(* For $n\ge1$, the map $$\sigma\mapsto\big(\Delta(\sigma^{(n-1)}),\dots,\Delta(\sigma''),\Delta(\sigma'),\Delta(\sigma)\big)$$ is a bijection from $\mathfrak{S}_n$ onto the set of $n$-chains of Dyck shapes.
   Context: Permutations $\sigma\in\mathfrak{S}_n$ are written as words $\sigma_1\cdots\sigma_n$, with the conventions $\sigma_0=0$, $\sigma_{n+1}=n+1$. A value $\sigma_i$ ($1\le i\le n$) is a peak if $\sigma_{i-1}<\sigma_i>\sigma_{i+1}$, a valley if $\sigma_{i-1}>\sigma_i<\sigma_{i+1}$, a double ascent if $\sigma_{i-1}<\sigma_i<\sigma_{i+1}$, a double descent if $\sigma_{i-1}>\sigma_i>\sigma_{i+1}$. The profile $\Delta(\sigma)$ is the word $w_1\cdots w_{2n}$ over $\{\nearrow,\searrow\}$ where, for each value $j\in\{1,\dots,n\}$, $w_{2j-1}w_{2j}$ is $\nearrow\nearrow$ if $j$ is a valley, $\searrow\searrow$ if $j$ is a peak, $\nearrow\searrow$ if $j$ is a double ascent, $\searrow\nearrow$ if $j$ is a double descent. $\sigma'\in\mathfrak{S}_{n-1}$ is obtained from $\sigma$ by deleting the letter $n$; $\sigma^{(0)}=\sigma$ and $\sigma^{(i+1)}=(\sigma^{(i)})'$, so $\sigma^{(n-i)}\in\mathfrak{S}_i$. A Dyck path of length $2m$ is a lattice path from $(0,0)$ to $(2m,0)$ with steps $\nearrow=(1,1)$, $\searrow=(1,-1)$ never going below the $x$-axis; $P(x)$ denotes its height at abscissa $x$. A cell is a point $(a,b)\in\mathbb{Z}^2$ with $b\ge0$, $a+b$ even (the tilted square with vertices $(a,b),(a+1,b\pm1),(a+2,b)$). The Dyck shape of $P$ (length $2m$) is $S(P)=\{(a,b): b\ge0,\ a+b\text{ even},\ 0\le a\le 2m-2,\ b+1\le P(a+1)\}$. Cells are adjacent if they differ by $(\pm1,\pm1)$. A ribbon is a nonempty set of cells, connected for adjacency, containing no four cells $(a,b),(a+1,b+1),(a+1,b-1),(a+2,b)$. For Dyck paths $D$ of length $2m$ and $E$ of length $2m+2$, $D\sqsubset E$ means $S(D)\subseteq S(E)$ and $S(E)\setminus S(D)$ is a ribbon. An $n$-chain of Dyck shapes is a sequence $D_1\sqsubset\cdots\sqsubset D_n$ of Dyck paths with $D_i$ of length $2i$. *)

From mathcomp Require Import all_boot all_order all_algebra all_fingroup.
Set Implicit Arguments. Unset Strict Implicit. Unset Printing Implicit Defensive.
Import GRing.Theory Num.Theory.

★ ★ ★ ★ ★

» **Task brief**
Scan the records above for lines with the word "Import". Then report how many there are, as a bare number.

» **Written response**
2